Immédiatement l’intendante Eurynome :
« Ma fille, tu tiens là les propos les plus vrais.
Va prêcher Télémaque, et dis-lui tout, en somme ;
Mais d’abord entre au bain, parfume-toi les traits.
Ne te présente pas les yeux rougis de larmes,
Car on ne gagne rien à pleurer constamment.
Voilà ton fils pubère, orné de tous les charmes
Que des dieux pour sa fleur requit ton dévoûment. »

Pénélope reprit dans sa haute prudence :
« Nourrice, en ton ardeur ne me conseille pas
De me laver le corps et de m’oindre d’essence.
Les dieux olympiens ont flétri mes appas,
Depuis qu’un vaisseau creux emporta mon Ulysse.
Appelle Hippodamie, appelle Autonoé,
Pour me servir d’escorte au sein de l’édifice ;
Seule, j’aurais trop peur de ce monde roué. »

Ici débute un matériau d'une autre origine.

Lemma cone_ordered_vs : ordered_vs_order (fun x y => pos (y - x)).
Proof.
split.
- by move=> x; rewrite subrr.
- by move=> x y z hxy hyz; have := posD hyz hxy; rewrite addrA subrK.
- move=> x y; case: (pos_total (y - x)) => [|[/eqP|]]; first by left.
    by rewrite subr_eq0 => /eqP ->; right; left.
  by rewrite opprB; right; right.
- by move=> x y z; rewrite opprD addrACA subrr addr0.
- by move=> c x hc; rewrite !subr0; apply: posZ.
Qed.

End Cone.

Section EvalAt.
Variables (C : realFieldType) (V : lmodType C).

Definition eval_at (t : V) (x : V * C^o) : V := x.1 + x.2 *: t.

Lemma eval_at0 t : eval_at t 0 = 0.
Proof. by rewrite /eval_at scale0r addr0. Qed.

Lemma eval_atD t x y : eval_at t (x + y) = eval_at t x + eval_at t y.
Proof. by rewrite /eval_at /= scalerDl addrACA. Qed.

Lemma eval_atN t x : eval_at t (- x) = - eval_at t x.
Proof. by rewrite /eval_at /= scaleNr opprD. Qed.

Lemma eval_atZ t (c : C) x : eval_at t (c *: x) = c *: eval_at t x.
Proof. by rewrite /eval_at /= scalerDr scalerA. Qed.

Lemma eval_at_const t g : eval_at t (g, 0) = g.
Proof. by rewrite /eval_at scale0r addr0. Qed.

Lemma eval_at_shift t u x : eval_at u x = eval_at t x + x.2 *: (u - t).
Proof. by rewrite /eval_at scalerBr addrACA subrr addr0. Qed.
Lemma forest_lyapunov p W f : params_pos p -> 0 < W -> 0 < f ->
  1 < R1W p W -> R_F p W f < 1 ->
  exists r k, quadratic_lyapunov p W f 0 (Tstar p W) 1 1 r k.
Proof.
  intros Hp HW Hf HR1 HRF.
  pose proof Hp as (_ & _ & _ & _ & _ & _ & _ & _ & _ & _ & _ & _ & Heta & _ &
                    _ & HlamTmax & _ & Halpha & _).
  pose proof (crowdG_pos p W Hp HW). pose proof (crowdT_pos p W Hp HW).
  destruct (Tstar_spec p W Hp HW HR1) as [HTs _].
  pose proof (grass_invasion_rate_neg p W f Hp HW Hf HR1 HRF) as Ha.
  set (a := grass_invasion_rate p W f) in *. set (Ts := Tstar p W) in *.
  set (Q := 3 * f * lamfTmax p * Ts / (alpha p * alpha p)).
  assert (HQ : 0 < Q)
    by (apply Rdiv_lt_0_compat; [apply Rmult_lt_0_compat; [nra | lra] | nra]).
  destruct (exists_radius (2 * (crowdG p W + etaTG p) + Q) 1 (- a) (Ts / 2))
    as (r & Hr & HrG & HrT); try lra.
  set (k := Rmin (- a) (crowdT p W * Ts)).
  assert (k <= - a) by apply Rmin_l. assert (k <= crowdT p W * Ts) by apply Rmin_r.
  exists r, k. repeat split; try lra; [apply Rmin_pos; nra|].
  intros G T HG HT. rewrite !Rminus_0_r in *.
  pose proof (forest_grass_term p W f G T r Hp HW HG HT) as Hgrass.
  assert (Hr_Ts : r <= Ts / 2) by lra.
  pose proof (forest_tree_term p W f G T r Hp HW Hf HR1 HT Hr_Ts) as Htree.
  fold a Ts Q in Hgrass. fold a Ts Q in Htree. clearbody k Q a Ts.
  apply (quadratic_dissipation 1 1 (- 2 * (a + (crowdG p W + etaTG p) * r))
                               (crowdT p W * Ts) 0 (Q * r)); lra.
Qed.

Lemma grassland_lyapunov p W f : params_pos p -> 0 < W -> 0 < f ->
  1 < R2W p W f -> R_G p W f < 1 ->
  exists B r k, quadratic_lyapunov p W f (Gstar p W f) 0 1 B r k.
Proof.
  intros Hp HW Hf HR2 HRG.
  pose proof Hp as (_ & _ & _ & _ & _ & _ & _ & _ & _ & _ & _ & _ & Heta & _).
  pose proof (crowdG_pos p W Hp HW) as Hc1. pose proof (crowdT_pos p W Hp HW).
  destruct (Gstar_spec p W f Hp HW Hf HR2) as [HGs _].
  pose proof (tree_invasion_rate_neg p W f Hp Hf HRG) as Hb.
  pose proof (fire_rate_lipschitz_pos p Hp _ HGs).
  set (b := tree_invasion_rate p W f) in *. set (Gs := Gstar p W f) in *.
  set (P := 3 * Gs * (etaTG p * etaTG p) / (2 * crowdG p W)).
  assert (HP : 0 < P) by (apply Rdiv_lt_0_compat; [apply Rmult_lt_0_compat|]; nra).
  (* The weight B makes the tree damping B (-b) T^2 twice the AM-GM cross term P T^2. *)
  set (B := 2 * P / - b).
  assert (HB : 0 < B) by (apply Rdiv_lt_0_compat; lra).
  assert (HBb : B * - b = 2 * P) by (unfold B; field; lra).
  destruct (exists_radius 1 (crowdT p W + f * fire_rate_lipschitz p Gs) (Gs / 2) (- b / 2))
    as (r & Hr & HrG & HrT); try nra.
  set (k := Rmin (crowdG p W * Gs / 2) (- b / 2)).
  assert (k <= crowdG p W * Gs / 2) by apply Rmin_l. assert (k <= - b / 2) by apply Rmin_r.
  exists B, r, k. repeat split; try lra; [apply Rmin_pos; nra|].
  intros G T HG HT. rewrite !Rminus_0_r in *.
  assert (Hr_Gs : r <= Gs / 2) by lra.
  pose proof (grassland_grass_term p W f G T r Hp HW Hf HR2 HG Hr_Gs) as Hgrass.
  pose proof (grassland_tree_term p W f G T r Hp HW Hf HR2 HG HT Hr_Gs) as Htree.
  fold b Gs P in Hgrass. fold b Gs P in Htree. clearbody k B P b Gs.
  set (beta := - 2 * (b + (crowdT p W + f * fire_rate_lipschitz p Gs) * r)).
  assert (B * (- b) <= B * beta) by (apply Rmult_le_compat_l; unfold beta; lra).
  assert (B * k <= B * (- b / 2)) by (apply Rmult_le_compat_l; lra).
  apply (quadratic_dissipation 1 B (crowdG p W * Gs / 2) beta P 0); unfold beta in *; lra.
Qed.
Theorem theorem2 (p : params) (W f : R) :
  params_pos p -> 0 < W -> 0 < f ->
  (R1W p W < 1 -> R2W p W f < 1 ->
     is_equilibrium p W f 0 0 /\ loc_asym_stable p W f 0 0) /\
  (1 < R2W p W f -> R_G p W f < 1 ->
     is_equilibrium p W f (Gstar p W f) 0 /\
     loc_asym_stable p W f (Gstar p W f) 0) /\
  (1 < R1W p W -> R_F p W f < 1 ->
     is_equilibrium p W f 0 (Tstar p W) /\
     loc_asym_stable p W f 0 (Tstar p W)).
Proof.
  intros Hp HW Hf. split; [|split].
  - intros HR1 HR2. split; [apply desert_equilibrium|].
    destruct (desert_lyapunov p W f Hp HW Hf HR1 HR2) as (r & k & Hlyap).
    exact (loc_asym_stable_of_lyapunov Hlyap).
  - intros HR2 HRG. split; [exact (grassland_equilibrium p W f Hp HW Hf HR2)|].
    destruct (grassland_lyapunov p W f Hp HW Hf HR2 HRG) as (B & r & k & Hlyap).
    exact (loc_asym_stable_of_lyapunov Hlyap).
  - intros HR1 HRF. split; [exact (forest_equilibrium p W f Hp HW HR1)|].
    destruct (forest_lyapunov p W f Hp HW Hf HR1 HRF) as (r & k & Hlyap).
    exact (loc_asym_stable_of_lyapunov Hlyap).
Qed.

S’élançant aux couloirs, à l’une et l’autre serve
L’intendante ordonna d’accourir aussitôt.
Cependant un doux somme, à l’appel de Minerve,
Sur la fille d’Icare agita son pavot.
Elle de s’assoupir, pressant avec mollesse
Sa chaise longue ; alors l’insigne déité
Lui fit de saints présents, comme une amorce expresse.
Vite elle oignit sa peau de ce fard enchanté
Dont se sert Cythérée à la belle guirlande,
Quand des Grâces l’attend le cortège accompli ;
Puis elle la rendit et plus forte et plus grande,
Plus blanche en même temps que l’ivoire poli.
Après quoi disparut la déité sereine.